> _Work order_: Reproduce exactly the lines of the material beneath, from the line that contains "have [le_pa |" to the line that contains "have cover k", both included, and no other lines.
*** Opening of Input material ***
Lemma gap_chain_reach m : a < m -> m <= b ->
  exists t A p q, [/\ gap_chain t A p q, p 0 = a & m <= q t].
Proof.
elim: m => [|m IH am mb]; first by rewrite ltn0.
have single u pu qu : blocking_gap u pu qu -> pu <= a -> m < qu ->
    exists t A p q, [/\ gap_chain t A p q, p 0 = a & m < q t].
  move=> bg pa mq; exists 0, (fun=> u), (fun=> pu), (fun=> qu).
  by have [_ ap _ _] := bg; split; [exact: gap_chain_single | lia | ].
have [le_ma | lt_am] := leqP m a.
  have [u [pu [qu [bg /andP[pk kq]]]]] := cover (ltnSn a) ab.
  by apply: (single _ _ _ bg); lia.
have [t [A [p [q [ch p0 mq]]]]] := IH lt_am (ltnW mb).
have [lt_mq | ge_mq] := ltnP m (q t); first by exists t, A, p, q.
have [u [pu [qu [bg /andP[pm mqu]]]]] := cover lt_am mb.
have [le_pa | lt_ap] := leqP pu a; first exact: (single _ _ _ bg).
have [||s [A' [p' [q' [ch' p'0 q's]]]]] := gap_chain_append ch bg _ _.
- by rewrite p0 lt_ap; lia.
- lia.
by exists s, A', p', q'; rewrite p'0 p0 q's.
Qed.

End Cover.

Definition separates k := forall u, ~~ E u k ->
  (exists2 z, a <= z < k & E u z) -> (exists2 z, k < z <= b & E u z) ->
  E u a && E u b.

Lemma exists_separating : a.+1 < b -> exists2 k, a < k < b & separates k.
Proof.
move=> ab; apply: NNPP => nosep.
have cover k : a < k -> k < b -> exists u p q, blocking_gap u p q /\ p < k < q.
  move=> ak kb; apply: NNPP => nocov; apply: nosep; exists k; first by rewrite ak.
  move=> u uk [z /andP[az zk] Ez] [w /andP[kw wb] Ew]; apply: contraT => nab.
  have [p [q [/andP[zp pk] /andP[kq qw] g]]] := gap_around zk kw Ez Ew uk.
  by case: nocov; exists u, p, q; split; [split=> //; lia | rewrite pk].
have [t [A [p [q [[gaps ord] p0 bq]]]]] :=
  gap_chain_reach ab cover (ltnW ab) (leqnn b).
have [[[_ Ea _ _] _ _ _] [[_ _ Eb _] _ qb _]] := (gaps 0 isT, gaps t (leqnn t)).
have qt : q t = b by apply/eqP; rewrite eqn_leq qb bq.
rewrite p0 in Ea; rewrite qt in Eb.
have [i it] :=
  cross_chain_common (gap_chain_cross (conj gaps ord)) (eq_leq (esym p0)) qb Ea Eb.
by have [_ _ _ /negP] := gaps i it.
Qed.

End Interval.

(* Edges are oriented upwards; [position_graph] below symmetrises them. *)
Definition outerplanar_support (G : rel nat) a b :=
  [/\ forall u v, G u v -> [&& a <= u, u < v & v <= b],
      noncrossing G &
      forall h x y, a <= x <= b -> a <= y <= b -> E h x -> E h y ->
        linked G (E h) x y].

Lemma outerplanar_support_base a b :
  b <= a.+1 -> exists G, outerplanar_support G a b.
Proof.
move=> ba; exists [rel u v | [&& u == a, v == b & a < b]]; split.
- by move=> u v /and3P[/eqP-> /eqP-> ab]; rewrite !leqnn ab.
- move=> i j k l ij jk kl; apply/negP.
  by case/andP=> /and3P[/eqP ia _ _] /and3P[/eqP ja _ _]; lia.
move=> h x y /andP[ax xb] /andP[ay yb] Ex Ey.
have [xy | yx | ->] := ltngtP x y; last exact: rst_refl.
  have [ex ey] : x = a /\ y = b by lia.
  by apply: rst_step; rewrite /= Ex Ey ex ey !eqxx; lia.
have [ey ex] : y = a /\ x = b by lia.
by apply/rst_sym/rst_step; rewrite /= Ex Ey ex ey !eqxx; lia.
Qed.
*** Close of Input material ***
> _Task result_:
have [le_pa | lt_ap] := leqP pu a; first exact: (single _ _ _ bg).
have [||s [A' [p' [q' [ch' p'0 q's]]]]] := gap_chain_append ch bg _ _.
- by rewrite p0 lt_ap; lia.
- lia.
by exists s, A', p', q'; rewrite p'0 p0 q's.
Qed.

End Cover.

Definition separates k := forall u, ~~ E u k ->
  (exists2 z, a <= z < k & E u z) -> (exists2 z, k < z <= b & E u z) ->
  E u a && E u b.

Lemma exists_separating : a.+1 < b -> exists2 k, a < k < b & separates k.
Proof.
move=> ab; apply: NNPP => nosep.
have cover k : a < k -> k < b -> exists u p q, blocking_gap u p q /\ p < k < q.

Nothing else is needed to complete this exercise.